Civilisation has destroyed itself in giving birth to the new religion of socialist materialism for which Dawkins speaks. Dawkins is, of course, attacking a straw man in criticising those who still entertain an unsophisticated kind of God and a creationist myth.

In reality, Dawkins is attacking something subtler and more profound than Christianity. He is attacking the individualism that still presumes to relate itself to reality rather than to other people, or to society.

An advantage in a life of adversity

(copy of a letter)

As I was saying, and perhaps should write about, the higher level was certainly a great advantage in the life of adversity that confronted me on leaving university. If I had not had a higher level I would have needed essentially the same things and needed to work towards them in the same ways, but it would have been a lot harder if I had still had the deficits and cravings with which I had arrived at Somerville. It was so long then since I had been able to get anything out of life that I needed to get something quickly, in many ways, and could not easily reconcile myself to further unrewarding chores.

I knew that the idea had been that as I was prevented from getting anything I wanted out of life, I would adopt the prevailing worldview as a compensation, but in fact it still presented itself to me as totally unattractive.

When hunger becomes too dominant it detracts from functionality. I suppose, however, that it was an advantage that my deprivations, although severe and painful, were not based on emotional deprivations in early life, as I think most people’s are.

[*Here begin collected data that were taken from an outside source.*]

Lemma lp_cost_le_coupling_cost alpha : lp_optimal lam a L r phiP phiD alpha ->
  ((lp_cost a L r alpha - 2 * cell_diam d L r)%:E <=
     \int[g]_(z in Om `*` Om) (Defs.edist z.2 z.1)%:E)%E.
Proof.
move=> [_ alpha_min].
pose beta i j := fine (g (C i `*` C j)).
(* Clipped at 0 so that [w] is the height of a nonnegative step function. *)
pose w i j := Num.max (cellmax a L r i j - 2 * cell_diam d L r) 0.
have beta_ge0 i j : 0 <= beta i j by apply: fine_ge0; exact: measure_ge0.
have cost_le : lp_cost a L r beta - 2 * cell_diam d L r <= \sum_i \sum_j beta i j * w i j.
  set c := 2 * cell_diam d L r in w *.
  rewrite -[X in _ - X](mulr1 c) -coupling_cell_plan_sum mulr_sumr.
  rewrite /lp_cost -sumrB; apply: ler_sum => i _.
  rewrite mulr_sumr -sumrB; apply: ler_sum => j _.
  have : cellmax a L r i j - c <= w i j by rewrite le_max lexx.
  by rewrite -/(beta i j); have := beta_ge0 i j; nra.
apply: le_trans (_ : (\sum_i \sum_j beta i j * w i j)%:E <= _)%E.
  by rewrite lee_fin; have := alpha_min beta coupling_cell_plan_feasible; lra.
have -> : (\sum_i \sum_j beta i j * w i j)%:E =
    (\sum_i \sum_j (w i j)%:E * g (C i `*` C j))%E.
  rewrite -sumEFin; apply: eq_bigr => i _; rewrite -sumEFin; apply: eq_bigr => j _.
  by rewrite mulrC EFinM fineK ?coupling_cell_fin_num.
apply: (sum_measure_partition_le_integral cells_measurable cells_trivIset cube_cells).
  by move=> i j; rewrite le_max lexx orbT.
move=> i j [y x] [/= Cy Cx]; rewrite lee_fin ge_max sqrtr_ge0 andbT.
by rewrite lerBlDr; exact: cellmax_le.
Qed.

End CouplingBound.

Lemma lee_subr_bound {R : realType} (x y : \bar R) (s t : R) :
  (x <= s%:E)%E -> ((s - t)%:E <= y)%E -> (x - y <= t%:E)%E.
Proof.
case: x => [x| |] //; case: y => [y| |] //= xs sy; rewrite ?leNye //.
by rewrite -EFinD lee_fin; rewrite !lee_fin in xs sy; lra.
Qed.

Theorem lemma8 (R : realType) (d : nat)
    (lam : {measure set (d.-tuple R) -> \bar R})
    (a : d.-tuple R) (L : R) (phiP phiD : d.-tuple R -> R) (r : nat)
    (alpha : {ffun 'I_d -> 'I_r} -> {ffun 'I_d -> 'I_r} -> R) :
  is_lebesgue lam ->
  0 < L ->
  is_density lam (cube a L) phiP ->
  is_density lam (cube a L) phiD ->
  (0 < r)%N ->
  lp_optimal lam a L r phiP phiD alpha ->
  (shadow_expectation lam a L r phiP phiD alpha
     - wasserstein lam (cube a L) phiD phiP
   <= ((2 * L * Num.sqrt (d%:R)) / r%:R)%:E)%E.
Proof.
(* The bound holds for any reference measure [lam]. *)
move=> _ L_gt0 densP densD r_gt0 alpha_opt.
have -> : 2 * L * Num.sqrt d%:R / r%:R = 2 * cell_diam d L r by rewrite /cell_diam; ring.
apply: lee_subr_bound.
  exact: shadow_expectation_le_lp_cost alpha_opt.1.
apply: le_ereal_inf_tmp => _ [g [g_coupling ->]].
exact: lp_cost_le_coupling_cost L_gt0 r_gt0 densD _ g_coupling _ alpha_opt.
Qed.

Anyway, I cut other people or society out of my life as a source of significance, because I saw that any wish to derive support from that quarter was being used against me.

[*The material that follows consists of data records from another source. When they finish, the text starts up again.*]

Lemma is_derive_Cconj (f : R -> C) (x : R) (df : C) :
  is_derive f x df -> is_derive (fun s => Cconj (f s)) x (Cconj df).
Proof.
  rewrite !is_derive_C; intros [Hre Him]; split; simpl.
  - exact Hre.
  - apply (is_derive_opp (fun s => Im (f s))), Him.
Qed.

Lemma is_derive_Cscal (c : C) (f : R -> C) (x : R) (df : C) :
  is_derive f x df -> is_derive (fun s => c * f s) x (c * df).
Proof.
  intros Hf.
  replace (c * df) with (RtoC 0 * f x + c * df) by ring.
  apply is_derive_Cmult; [apply is_derive_Cconst | exact Hf].
Qed.

Lemma is_derive_sum_pm (f : R -> pm -> C) (x : R) (df : pm -> C) :
  (forall a, is_derive (fun s => f s a) x (df a)) ->
  is_derive (fun s => sum_pm (f s)) x (sum_pm df).
Proof. intros Hf; apply is_derive_Cplus; apply Hf. Qed.

(* gamma^0 gamma^mu is diagonal in the basis e_-, e_+, with eigenvalue gamma_sign mu a on e_a. *)
Definition gamma_sign (mu : bool) (a : pm) : R :=
  if mu then match a with Minus => 1%R | Plus => (-1)%R end else 1%R.

Definition pm_flip (b : pm) : pm := match b with Minus => Plus | Plus => Minus end.

Definition jweight (X : bool -> R) (mu nu : bool) (a b : pm) : R :=
  gamma_sign mu a * gamma_sign nu b * (X false - gamma_sign true a * X true).

Definition jform (X : bool -> R) (mu nu : bool) (u v : pm -> pm -> C) : C :=
  RtoC (/ 4) * sum_pm (fun a => sum_pm (fun b =>
    RtoC (jweight X mu nu a b) * (Cconj (u a b) * v a b))).

Lemma jweight_mu1 (X : bool -> R) (nu : bool) (a b : pm) :
  jweight X true nu a b = (gamma_sign true a * jweight X false nu a b)%R.
Proof. unfold jweight; simpl; ring. Qed.

Lemma jweight_nu1 (X : bool -> R) (mu : bool) (a b : pm) :
  jweight X mu true a b = (gamma_sign true b * jweight X mu false a b)%R.
Proof. unfold jweight; simpl; ring. Qed.

Lemma jweight_nu0_const (X : bool -> R) (mu : bool) (a b : pm) :
  jweight X mu false a b = jweight X mu false a Minus.
Proof. reflexivity. Qed.

Lemma current_jform (psi : pm -> pm -> Pt -> C) (X : bool -> R) (mu nu : bool) (p : Pt) :
  current psi X mu nu p = jform X mu nu (fun a b => psi a b p) (fun a b => psi a b p).
Proof.
  destruct mu, nu;
    cbv [current jform jweight gamma_sign mtr bar_mul bar_of act_ph act_el ract_ph tens_of
         gammaX gamma gamma0 gamma1 eta Emat evec sum_pm mmul madj madd mscal rowadj Bool.eqb];
    rewrite ?Cconj_RtoC;
    repeat (rewrite RtoC_mult || rewrite RtoC_minus || rewrite RtoC_N1);
    ring.
Qed.

Lemma is_derive_jform (X : bool -> R) (mu nu : bool) (u v : R -> pm -> pm -> C)
    (du dv : pm -> pm -> C) (x : R) :
  (forall a b, is_derive (fun s => u s a b) x (du a b)) ->
  (forall a b, is_derive (fun s => v s a b) x (dv a b)) ->
  is_derive (fun s => jform X mu nu (u s) (v s)) x
    (jform X mu nu du (v x) + jform X mu nu (u x) dv).
Proof.
  intros Hu Hv.
  replace (jform X mu nu du (v x) + jform X mu nu (u x) dv)
    with (RtoC (/ 4) * sum_pm (fun a => sum_pm (fun b => RtoC (jweight X mu nu a b) *
            (Cconj (du a b) * v x a b + Cconj (u x a b) * dv a b))))
    by (unfold jform, sum_pm; ring).
  apply is_derive_Cscal, is_derive_sum_pm; intros a.
  apply is_derive_sum_pm; intros b.
  apply is_derive_Cscal, is_derive_Cmult; [apply is_derive_Cconj|]; auto.
Qed.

By the time I was thrown out without a usable qualification, and with no way of making a career, I was extremely well stoked up emotionally and all the deficits had been filled in. Which was just as well in the circumstances. If it had been otherwise, it is difficult to imagine how I could have been so pragmatic and extraverted in the terrible circumstances in which I found myself.

I was destitute and friendless in the world, my position was shocking. Every social contact was horrifying, and it was easy to imagine a protective reclusiveness. But I had derived from the higher level an assurance that there would be a way ahead and it would lead somewhere. This was where I found myself and I had to see how it might contribute to my return to an academic career. Disgraced and outcast as I was, I met everybody, explored every avenue, became aware of everyone’s attitudes and opinions. And saved money. I had a daily allowance for expenditure and at the end of each day the surplus was carried forward or transferred to permanent savings. My savings represented my freedom of action; one day there might be an opportunity and whether I was free to take it would depend on exactly how much money I had. Every penny counted.

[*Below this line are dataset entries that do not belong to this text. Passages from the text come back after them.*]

(* Let $A$ be a basic connected finite dimensional algebra over an algebraically closed field $k$ with ordinary quiver $Q$ without oriented cycles, and let $\nu\colon kQ\twoheadrightarrow A$ be a presentation with kernel $I$. Regard $\mathsf{Hom}(\pi_1(Q,I),k^+)$ as an abelian Lie algebra (zero bracket). Then $\theta_\nu\colon\mathsf{Hom}(\pi_1(Q,I),k^+)\to\mathsf{HH}^1(A)$ is a Lie algebra homomorphism; in particular $\mathsf{Im}(\theta_\nu)$ is an abelian Lie subalgebra of $\mathsf{HH}^1(A)$.
   Context: Fix a complete set $e_1,\dots,e_n$ of primitive orthogonal idempotents of $A$ (indexed by $Q_0=\{1,\dots,n\}$), $E=\bigoplus ke_i$. A presentation is a surjective algebra homomorphism $\nu\colon kQ\twoheadrightarrow A$ with admissible kernel (i.e. $(kQ^+)^N\subseteq\mathsf{Ker}\,\nu\subseteq(kQ^+)^2$ for some $N\ge2$, $kQ^+$ the arrow ideal) and $\nu(e_i)=e_i$. Walks are paths in $Q$ with formal inverses of arrows allowed. The homotopy relation $\sim_I$ is the smallest equivalence relation on walks with $\alpha\alpha^{-1}\sim_I e_y$, $\alpha^{-1}\alpha\sim_I e_x$ for arrows $\alpha\colon x\to y$, compatible with concatenation ($v\sim_I v'\Rightarrow wvu\sim_I wv'u$), and with $u\sim_I v$ for paths $u,v$ occurring with nonzero coefficient in a same minimal relation of $I$ (a nonzero $\sum t_iu_i\in I$, $t_i\ne0$, distinct paths, no nonempty proper subsum in $I$). With a fixed base vertex $x_0$, $\pi_1(Q,I)$ is the group of classes of closed walks at $x_0$. $\mathsf{HH}^1(A)$ is identified with $Der_0(A)/Int_0(A)$, where $Der_0(A)$ consists of derivations vanishing on all $e_i$ (Lie bracket: commutator) and $Int_0(A)=\{a\mapsto ea-ae\mid e\in E\}$. Fix a maximal tree $T$ of $Q$ and let $\gamma_x$ be the minimal walk in $T$ from $x_0$ to $x$. For $f\colon\pi_1(Q,I)\to k^+$ a group homomorphism, $\theta_\nu(f)$ is the class of the derivation $\tilde f$ with $\tilde f(\nu(u))=f([\gamma_y^{-1}u\gamma_x]_I)\nu(u)$ for all paths $u$ from $x$ to $y$. *)

From HB Require Import structures.
From mathcomp Require Import all_boot all_order all_algebra all_field.
From Stdlib Require Import Relation_Operators.
Set Implicit Arguments. Unset Strict Implicit. Unset Printing Implicit Defensive.
Import GRing.Theory.
Local Open Scope ring_scope.

(* A walk is a start vertex together with the list of its steps, in     *)
(* order of traversal; a step (a, true) is the arrow a, (a, false) is   *)
(* its formal inverse a^{-1}.  A path is a start vertex with a list of  *)
(* arrows in order of traversal.                                        *)
Section Quiver.
Variables (n : nat) (Q1 : finType) (src tgt : Q1 -> 'I_n).

Definition step := (Q1 * bool)%type.
Definition st_src (s : step) : 'I_n := if s.2 then src s.1 else tgt s.1.
Definition st_tgt (s : step) : 'I_n := if s.2 then tgt s.1 else src s.1.
Definition step_inv (s : step) : step := (s.1, ~~ s.2).

Definition walk := ('I_n * seq step)%type.
Definition wend (w : walk) : 'I_n := last w.1 (map st_tgt w.2).

Fixpoint steps_valid (x : 'I_n) (l : seq step) : bool :=
  match l with
  | [::] => true
  | s :: l' => (st_src s == x) && steps_valid (st_tgt s) l'
  end.
Definition wvalid (w : walk) : bool := steps_valid w.1 w.2.

(* wcat v w : first traverse v, then w  (written  w v  in the paper) *)
Definition wcat (v w : walk) : walk := (v.1, v.2 ++ w.2).
Definition winv (w : walk) : walk := (wend w, rev (map step_inv w.2)).

Definition qpath := ('I_n * seq Q1)%type.
Definition path_walk (u : qpath) : walk := (u.1, map (fun a => (a, true)) u.2).
Definition pvalid (u : qpath) : bool := wvalid (path_walk u).
Definition pend (u : qpath) : 'I_n := wend (path_walk u).

Definition no_oriented_cycles : Prop :=
  forall u : qpath, pvalid u -> u.2 != [::] -> pend u != u.1.

Definition in_arrows (T : {set Q1}) (w : walk) : bool :=
  all (fun s : step => s.1 \in T) w.2.
Fixpoint reduced_steps (l : seq step) : bool :=
  match l with
  | s1 :: ((s2 :: _) as l') => (s2 != step_inv s1) && reduced_steps l'
  | _ => true
  end.

Definition maximal_tree (T : {set Q1}) : Prop :=
  (forall x y : 'I_n, exists w : walk,
      [/\ wvalid w, in_arrows T w, w.1 = x & wend w = y]) /\
  (forall w : walk, wvalid w -> in_arrows T w -> reduced_steps w.2 ->
      wend w = w.1 -> w.2 = [::]).

Definition minimal_tree_walk (T : {set Q1}) (x0 x : 'I_n) (g : walk) : Prop :=
  [/\ wvalid g, in_arrows T g, g.1 = x0, wend g = x &
      forall w : walk, wvalid w -> in_arrows T w -> w.1 = x0 -> wend w = x ->
        (size g.2 <= size w.2)%N].

Definition closed_at (x0 : 'I_n) (w : walk) : bool :=
  [&& wvalid w, w.1 == x0 & wend w == x0].

End Quiver.

(* The algebra side.  A presentation nu : kQ ->> A with nu(e_i) = e_i   *)
(* is given (universal property of the path algebra) by the images     *)
(* nu a in e_{tgt a} A e_{src a} of the arrows; the image of a path    *)
(* a_1 ... a_m (traversal order) starting at x is                      *)
(* nu a_m * ... * nu a_1 * e_x.  An element of kQ is represented by a  *)
(* finite list of (valid, pairwise distinct) paths with coefficients.  *)
Section Algebra.
Variables (n : nat) (Q1 : finType) (src tgt : Q1 -> 'I_n).
Variables (k : fieldType) (A : falgType k) (e : 'I_n -> A) (nu : Q1 -> A).

Definition nupath (u : qpath n Q1) : A :=
  foldl (fun acc a => nu a * acc) (e u.1) u.2.

Definition combo := seq (qpath n Q1 * k).
Definition combo_ok (l : combo) : bool :=
  uniq (map fst l) && all (fun c => pvalid src tgt c.1) l.
Definition combo_val (l : combo) : A := \sum_(c <- l) c.2 *: nupath c.1.

Definition complete_primitive_orthogonal : Prop :=
  [/\ \sum_i e i = 1,
      forall i, e i * e i = e i,
      forall i j, i != j -> e i * e j = 0 &
      forall i, e i != 0 /\
        forall f : A, f * f = f -> f = e i * f * e i -> f = 0 \/ f = e i].

(* A is basic : e_i A and e_j A are non-isomorphic for i <> j *)
Definition basic_wrt : Prop :=
  forall i j, i != j ->
    ~ exists a b : A, [/\ a = e j * a * e i, b = e i * b * e j,
                          a * b = e j & b * a = e i].

Definition connected_algebra : Prop :=
  forall c : A, c * c = c -> (forall a, c * a = a * c) -> c = 0 \/ c = 1.

Definition admissible_presentation : Prop :=
  [/\ forall a, nu a = e (tgt a) * nu a * e (src a),
      forall a : A, exists l : combo, combo_ok l /\ a = combo_val l &
      exists N : nat, (2 <= N)%N /\
        (* (kQ^+)^N is contained in Ker nu *)
        (forall u, pvalid src tgt u -> (N <= size u.2)%N -> nupath u = 0) /\
        (* Ker nu is contained in (kQ^+)^2 *)
        (forall l : combo, combo_ok l -> combo_val l = 0 ->
           forall c, c \in l -> (size c.1.2 < 2)%N -> c.2 = 0)].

Meanwhile I lived without an identity. I had been cheated out of the social position which I should have had, and now I was dead in the eyes of the world. At the SPR I was surrounded by professors and appalled to find myself - not only without the professorial status that I should have acquired myself, in less hostile society, at about 15 - but without any status or hope at all, being not even on a career track that could lead to a Professorship.

I was shocked and horrified, but I was well stoked up emotionally by the higher level, and I could proceed as purposefully as possible without deriving any feedback or reinforcement from anything I did or from any social reinforcement. That was the difference from when I arrived at Somerville. Having been thrown out, it did not do to think about how I appeared in anyone’s eyes, and I could proceed purposefully without doing so.

I realised for the first time how the despair which I continually rejected was being converted into anger when a member of the SPR Council commented on my dogged weariness and suggested I take a holiday. At least he might refrain from pretending that he cared about what was good for me. If he cared, he would be helping me to get back into the academic career that I should be having, with residential hotel facilities. I sold myself into slavery in the SPR office; I sold my life by the day, having nothing else to sell. Holidays were for Professors, not for slaves.